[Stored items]
"""
(* Let $N_n$ be a noisy discrete memoryless classical channel whose confusability graph $G(N_n)$, with $n$ vertices, is isomorphic to an exclusivity graph $\mathcal{G}$ satisfying $\mathscr{C}_\mathcal{G}=\mathscr{Q}_\mathcal{G}$. Then the vertex-encoding protocol with a perfect $d$-level quantum channel (for any $d$ for which it can be implemented) does not exhibit one-shot zero-error superadditivity; that is, $n\le \alpha(G(N_n))\, d$.
   Context: A discrete memoryless classical channel $N$ has finite input alphabet $\mathcal{X}$, finite output alphabet $\mathcal{Y}$ and conditional probabilities $P(y|x)$. Distinct inputs $x,x'$ are confusable if some output $y$ has $P(y|x)>0$ and $P(y|x')>0$; the confusability graph $G(N)$ has vertex set $\mathcal{X}$ and edges between distinct confusable inputs, and $\alpha(G(N))$ (its independence number) is the one-shot zero-error capacity of $N$. For each output $y$, the hyperedge $h_y=\{x: P(y|x)>0\}$. A perfect $d$-level quantum channel is the identity channel on states of $\mathbb{C}^d$, with one-shot zero-error capacity $d$. The vertex-encoding protocol with a perfect $d$-level quantum channel: one assigns to every input $v\in\mathcal{X}$ a unit vector $\ket{\psi_v}\in\mathbb{C}^d$ such that $\ket{\psi_v}\perp\ket{\psi_w}$ whenever $v,w$ are adjacent in $G(N)$ (an orthogonal representation of $G(N)$ in $\mathbb{C}^d$). Messages are identified with the $n=|\mathcal{X}|$ inputs; to send $v$, the sender inputs $v$ into $N$ and sends $\ket{\psi_v}$ through the perfect quantum channel; upon seeing output $y$, the receiver performs a projective measurement containing the projectors $\ket{\psi_w}\!\bra{\psi_w}$, $w\in h_y$ (completed to the identity), which identifies $v$ with certainty. The protocol thus transmits $n$ messages with zero error, and it is said to exhibit one-shot zero-error superadditivity if $n>\alpha(G(N))\cdot d$. Exclusivity graph framework: for a finite graph $\mathcal{G}$ with vertex set $V_\mathcal{G}$ and edge set $E_\mathcal{G}$, a behavior is a map $p:V_\mathcal{G}\to[0,1]$ with $p(v)+p(v')\le 1$ for all edges $\{v,v'\}$. It is classical if there is a probability space $(\Omega,\Sigma,\mu)$ and sets $A_v\in\Sigma$ with $A_v\cap A_{v'}=\varnothing$ for all edges $\{v,v'\}$ and $p(v)=\mu(A_v)$; $\mathscr{C}_\mathcal{G}$ is the set of classical behaviors. It is quantum if there are a Hilbert space $\mathcal{H}$, a density operator $\rho$ and projectors $\Pi_v$ with $\Pi_v\Pi_{v'}=0$ for all edges $\{v,v'\}$ and $p(v)=\mathrm{Tr}(\rho\Pi_v)$; $\mathscr{Q}_\mathcal{G}$ is the set of quantum behaviors. *)

From HB Require Import structures.
From mathcomp Require Import all_boot all_order all_algebra.
From mathcomp Require Import all_classical all_reals all_analysis.
From mathcomp Require Import complex.

Set Implicit Arguments.
Unset Strict Implicit.
Unset Printing Implicit Defensive.

Import Order.TTheory GRing.Theory Num.Theory.
Local Open Scope ring_scope.

(* P x y = P(y|x): a stochastic matrix from inputs X to outputs Y. *)
Definition is_channel (R : realType) (X Y : finType) (P : X -> Y -> R) : Prop :=
  (forall x y, 0 <= P x y) /\ (forall x, \sum_(y : Y) P x y = 1).

Definition confusable (R : realType) (X Y : finType) (P : X -> Y -> R) : rel X :=
  fun x x' => (x != x') && [exists y : Y, (0 < P x y) && (0 < P x' y)].

Definition independent (T : finType) (e : rel T) (S : {set T}) : bool :=
  [forall x in S, forall y in S, ~~ e x y].

Definition independence_number (T : finType) (e : rel T) : nat :=
  \max_(S : {set T} | independent e S) #|S|.

Definition graph_iso (T1 T2 : finType) (e1 : rel T1) (e2 : rel T2) : Prop :=
  exists f : T1 -> T2, bijective f /\ forall x y, e1 x y = e2 (f x) (f y).

Definition behavior (R : realType) (V : finType) (e : rel V) (p : V -> R) : Prop :=
  (forall v, 0 <= p v <= 1) /\ (forall v w, e v w -> p v + p w <= 1).

Definition classical_behavior (R : realType) (V : finType) (e : rel V)
    (p : V -> R) : Prop :=
  behavior e p /\
  exists (d : measure_display) (T : measurableType d) (mu : probability T R)
         (A : V -> set T),
    (forall v, measurable (A v)) /\
    (forall v w, e v w -> (A v `&` A w = set0)%classic) /\
    (forall v, mu (A v) = (p v)%:E).

Definition adjmx (R : realType) (m n : nat) (A : 'M[R[i]]_(m, n)) : 'M[R[i]]_(n, m) :=
  map_mx Num.conj A^T.

Definition is_hermitian (R : realType) (m : nat) (A : 'M[R[i]]_m) : Prop :=
  adjmx A = A.

Definition is_density (R : realType) (m : nat) (rho : 'M[R[i]]_m) : Prop :=
  is_hermitian rho /\
  (forall u : 'cV[R[i]]_m, 0 <= (adjmx u *m rho *m u) 0 0) /\
  \tr rho = 1.

Definition is_projector (R : realType) (m : nat) (Pi : 'M[R[i]]_m) : Prop :=
  is_hermitian Pi /\ Pi *m Pi = Pi.

Definition quantum_behavior (R : realType) (V : finType) (e : rel V)
    (p : V -> R) : Prop :=
  behavior e p /\
  exists (m : nat) (rho : 'M[R[i]]_m) (Pi : V -> 'M[R[i]]_m),
    is_density rho /\
    (forall v, is_projector (Pi v)) /\
    (forall v w, e v w -> Pi v *m Pi w = 0) /\
    (forall v, \tr (rho *m Pi v) = ((p v)%:C)%C).

Definition classical_eq_quantum (R : realType) (V : finType) (e : rel V) : Prop :=
  forall p : V -> R, classical_behavior e p <-> quantum_behavior e p.

(* orthogonal representation of (X, e) by unit vectors of C^d:
   exactly the data needed to implement the vertex-encoding protocol
   with a perfect d-level quantum channel *)
Definition orthogonal_representation (R : realType) (X : finType) (e : rel X)
    (d : nat) (psi : X -> 'cV[R[i]]_d) : Prop :=
  (forall v, (adjmx (psi v) *m psi v) 0 0 = 1) /\
  (forall v w, e v w -> (adjmx (psi v) *m psi w) 0 0 = 0).

From HB Require Import structures.
From mathcomp Require Import all_boot all_order all_algebra.
From mathcomp Require Import all_classical all_reals all_analysis.
From mathcomp Require Import complex measurable_realfun.

(* Sending [v] through the quantum channel prepares the projector onto [psi v];
   with the maximally mixed state [1/d] these projectors realise the uniform
   behaviour [v |-> 1/d], which is quantum and hence, by hypothesis, classical.
   A classical behaviour is carried by events that are disjoint along edges, so
   at every sample point the events that occur form an independent set:
   integrating their number gives [n / d <= alpha]. *)

Set Implicit Arguments.
Unset Strict Implicit.
Unset Printing Implicit Defensive.

Import Order.TTheory GRing.Theory Num.Theory.
Local Open Scope ring_scope.

Section ComplexMatrices.
Variable R : realType.
Local Notation C := R[i].

Lemma adjmxK m n (A : 'M[C]_(m, n)) : adjmx (adjmx A) = A.
Proof. by apply/matrixP=> i j; rewrite !mxE conjCK. Qed.

Lemma adjmxM m n p (A : 'M[C]_(m, n)) (B : 'M[C]_(n, p)) :
  adjmx (A *m B) = adjmx B *m adjmx A.
Proof.
apply/matrixP=> i j; rewrite !mxE rmorph_sum; apply: eq_bigr => k _.
by rewrite !mxE rmorphM mulrC.
Qed.

Lemma adjmx_scalar_real n (c : C) :
  c \is Num.real -> adjmx (c%:M : 'M[C]_n) = c%:M.
Proof.
move=> /CrealP c_real; apply/matrixP=> i j; rewrite !mxE eq_sym.
by case: (i == j); rewrite ?mulr1n ?mulr0n ?c_real ?conjC0.
Qed.

Lemma adjmx_mul_ge0 d (u : 'cV[C]_d) : 0 <= (adjmx u *m u) 0 0.
Proof.
rewrite mxE; apply: sumr_ge0 => k _; rewrite !mxE mulrC; exact: mul_conjC_ge0.
Qed.

Section UnitVector.
Variables (d : nat) (psi : 'cV[C]_d).
Hypothesis psi_unit : (adjmx psi *m psi) 0 0 = 1.

Lemma adjmx_mul_unit : adjmx psi *m psi = 1%:M.
Proof. by apply/matrixP=> i j; rewrite !ord1 psi_unit mxE. Qed.

Lemma unit_vector_dim_gt0 : (0 < d)%N.
Proof.
case: d psi psi_unit => // u; rewrite mxE big_ord0 => /eqP.
by rewrite eq_sym oner_eq0.
Qed.

Lemma rank_one_projector : is_projector (psi *m adjmx psi).
Proof.
split; first by rewrite /is_hermitian adjmxM adjmxK.
by rewrite mulmxA -(mulmxA psi) adjmx_mul_unit mulmx1.
Qed.

Lemma mxtrace_rank_one : \tr (psi *m adjmx psi) = 1.
Proof. by rewrite mxtrace_mulC adjmx_mul_unit mxtrace1. Qed.

End UnitVector.

Lemma orthonormal_pair_dim_gt1 d (u v : 'cV[C]_d) :
  (adjmx u *m u) 0 0 = 1 -> (adjmx v *m v) 0 0 = 1 ->
  (adjmx u *m v) 0 0 = 0 -> (1 < d)%N.
Proof.
move=> u_unit v_unit; have := unit_vector_dim_gt0 u_unit.
case: d u v u_unit v_unit => [//|[|//]] u v.
rewrite !mxE !big_ord1 !mxE => u_unit v_unit _ /eqP.
rewrite mulf_eq0 conjC_eq0 => /orP[] /eqP u0.
  by move: u_unit; rewrite u0 conjC0 mul0r => /eqP; rewrite eq_sym oner_eq0.
by move: v_unit; rewrite u0 mulr0 => /eqP; rewrite eq_sym oner_eq0.
Qed.

Lemma maximally_mixed_density d :
  (0 < d)%N -> is_density (((d%:R : R)^-1)%:C%C%:M : 'M[C]_d).
Proof.
move=> d_gt0; set c := ((d%:R : R)^-1)%:C%C.
have c_ge0 : 0 <= c by rewrite ler0c invr_ge0 ler0n.
split; first by apply: adjmx_scalar_real; apply: ger0_real.
split.
  move=> u; rewrite mul_mx_scalar -scalemxAl mxE.
  exact: mulr_ge0 c_ge0 (adjmx_mul_ge0 u).
rewrite mxtrace_scalar /c fmorphV rmorph_nat -[_^-1]mulr1 -mulrnAr mulVf //.
by rewrite pnatr_eq0 -lt0n.
Qed.

End ComplexMatrices.

Lemma orthogonal_representation_comap (R : realType) (X V : finType)
    (eX : rel X) (eV : rel V) (g : V -> X) (d : nat) (psi : X -> 'cV[R[i]]_d) :
  (forall v w, eV v w -> eX (g v) (g w)) ->
  orthogonal_representation eX psi -> orthogonal_representation eV (psi \o g).
Proof.
move=> gE [psi_unit psi_orth].
by split=> [v | v w /gE]; [apply: psi_unit | apply: psi_orth].
Qed.

Lemma uniform_quantum_behavior (R : realType) (V : finType) (e : rel V)
    (d : nat) (psi : V -> 'cV[R[i]]_d) :
  (0 < d)%N -> orthogonal_representation e psi ->
  quantum_behavior e (fun=> (d%:R : R)^-1).
Proof.
move=> d_gt0 [psi_unit psi_orth]; split.
  split=> [v | v w /psi_orth vw_orth].
    by rewrite invr_ge0 ler0n /= invf_le1 ?ltr0n // ler1n.
  have d_gt1 := orthonormal_pair_dim_gt1 (psi_unit v) (psi_unit w) vw_orth.
  by rewrite /= -mulr2n -[_ *+ 2]mulr_natl ler_pdivrMr ?ltr0n // mul1r ler_nat.
exists d, (((d%:R : R)^-1)%:C%C%:M), (fun v => psi v *m adjmx (psi v)).
split; first exact: maximally_mixed_density.
split; first by move=> v; apply: rank_one_projector.
split=> [v w /psi_orth vw_orth | v].
  have vw0 : adjmx (psi v) *m psi w = 0.
    by apply/matrixP => i j; rewrite !ord1 vw_orth mxE.
  by rewrite mulmxA -(mulmxA (psi v)) vw0 mulmx0 mul0mx.
by rewrite mul_scalar_mx mxtraceZ mxtrace_rank_one // mulr1.
Qed.

Lemma classical_behavior_comap (R : realType) (X V : finType)
    (eX : rel X) (eV : rel V) (f : X -> V) (p : V -> R) :
  (forall x y, eX x y -> eV (f x) (f y)) ->
  classical_behavior eV p -> classical_behavior eX (p \o f).
Proof.
move=> fE [[p01 p_edge] [dT [T [mu [A [A_meas [A_disj A_mu]]]]]]].
split; first by split=> [x | x y /fE]; [apply: p01 | apply: p_edge].
exists dT, T, mu, (A \o f); split=> [x | ]; first exact: A_meas.
by split=> [x y /fE | x]; [apply: A_disj | apply: A_mu].
Qed.

Lemma independent_card_le (V : finType) (e : rel V) (S : {set V}) :
  independent e S -> (#|S| <= independence_number e)%N.
Proof. exact: leq_bigmax_cond. Qed.

Lemma sum_indic_le_independence_number (R : realType) (T : Type)
    (V : finType) (e : rel V) (A : V -> set T) :
  (forall v w, e v w -> (A v `&` A w = set0)%classic) ->
  forall t, \sum_v (\1_(A v) t : R) <= (independence_number e)%:R.
Proof.
move=> A_disj t; set S := [set v | t \in A v].
have -> : \sum_v (\1_(A v) t : R) = #|S|%:R.
  rewrite (bigID (mem S)) /= [X in _ + X]big1 ?addr0; last first.
    by move=> v; rewrite inE indicE => /negbTE ->.
  by rewrite (eq_bigr (fun=> 1)) ?sumr_const // => v; rewrite inE indicE => ->.
rewrite ler_nat; apply: independent_card_le.
apply/forallP => v; apply/implyP; rewrite inE => tAv.
apply/forallP => w; apply/implyP; rewrite inE => tAw.
apply/negP => /A_disj; rewrite -subset0 => /(_ t); apply.
by move: tAv tAw; rewrite !inE.
Qed.

Lemma sum_measure_le_independence_number (R : realType) (dT : measure_display)
    (T : measurableType dT) (mu : probability T R) (V : finType) (e : rel V)
    (A : V -> set T) :
  (forall v, measurable (A v)) ->
  (forall v w, e v w -> (A v `&` A w = set0)%classic) ->
  (\sum_v mu (A v) <= (independence_number e)%:R%:E)%E.
Proof.
move=> A_meas A_disj.
pose F t := (\sum_v (\1_(A v) t : R)%:E)%E.
have indic_meas : forall v, measurable_fun setT (EFin \o (\1_(A v) : T -> R)).
  by move=> v; apply/measurableT_comp => //; exact: measurable_indic.
have <- : (\int[mu]_(t in setT) F t = \sum_v mu (A v))%E.
  rewrite ge0_integral_sum //; apply: eq_bigr => v _.
  by rewrite integral_indic // setIT.
apply: (@le_trans _ _ (\int[mu]_(t in setT) (independence_number e)%:R%:E)%E).
  apply: ge0_le_integral => //.
  - by move=> t _; apply: sume_ge0 => v _; rewrite lee_fin.
  - exact: emeasurable_sum.
  - by move=> t _; rewrite /F sumEFin lee_fin sum_indic_le_independence_number.
by rewrite integral_cst // [X in (_ * X)%E]probability_setT mule1.
Qed.

Lemma classical_behavior_sum_le (R : realType) (V : finType) (e : rel V)
    (p : V -> R) :
  classical_behavior e p -> \sum_v p v <= (independence_number e)%:R.
Proof.
move=> [_ [dT [T [mu [A [A_meas [A_disj A_mu]]]]]]].
rewrite -lee_fin -sumEFin -(eq_bigr _ (fun v _ => A_mu v)).
exact: sum_measure_le_independence_number.
Qed.

Theorem theorem2 (R : realType) (X Y : finType) (P : X -> Y -> R)
    (V : finType) (e : rel V) :
  is_channel P ->
  graph_iso (confusable P) e ->
  classical_eq_quantum R e ->
  forall (d : nat) (psi : X -> 'cV[R[i]]_d),
    orthogonal_representation (confusable P) psi ->
    (#|X| <= independence_number (confusable P) * d)%N.
Proof.
move=> _ [f [[g _ gK] fE]] CQ d psi psi_rep.
have f_hom x y : confusable P x y -> e (f x) (f y) by rewrite fE.
have g_hom v w : e v w -> confusable P (g v) (g w) by rewrite fE !gK.
have [-> // | /card_gt0P [x0 _]] := posnP #|X|.
have d_gt0 := unit_vector_dim_gt0 (psi_rep.1 x0).
have /CQ uniform_classical :=
  uniform_quantum_behavior d_gt0 (orthogonal_representation_comap g_hom psi_rep).
have := classical_behavior_sum_le (classical_behavior_comap f_hom uniform_classical).
by rewrite sumr_const -[_ *+ #|_|]mulr_natl ler_pdivrMr ?ltr0n // -natrM ler_nat.
Qed.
"""
## About this task
Find the lines above that contain the word "case" and copy each one.

## Exercise response
by case: (i == j); rewrite ?mulr1n ?mulr0n ?c_real ?conjC0.
case: d psi psi_unit => // u; rewrite mxE big_ord0 => /eqP.
case: d u v u_unit v_unit => [//|[|//]] u v.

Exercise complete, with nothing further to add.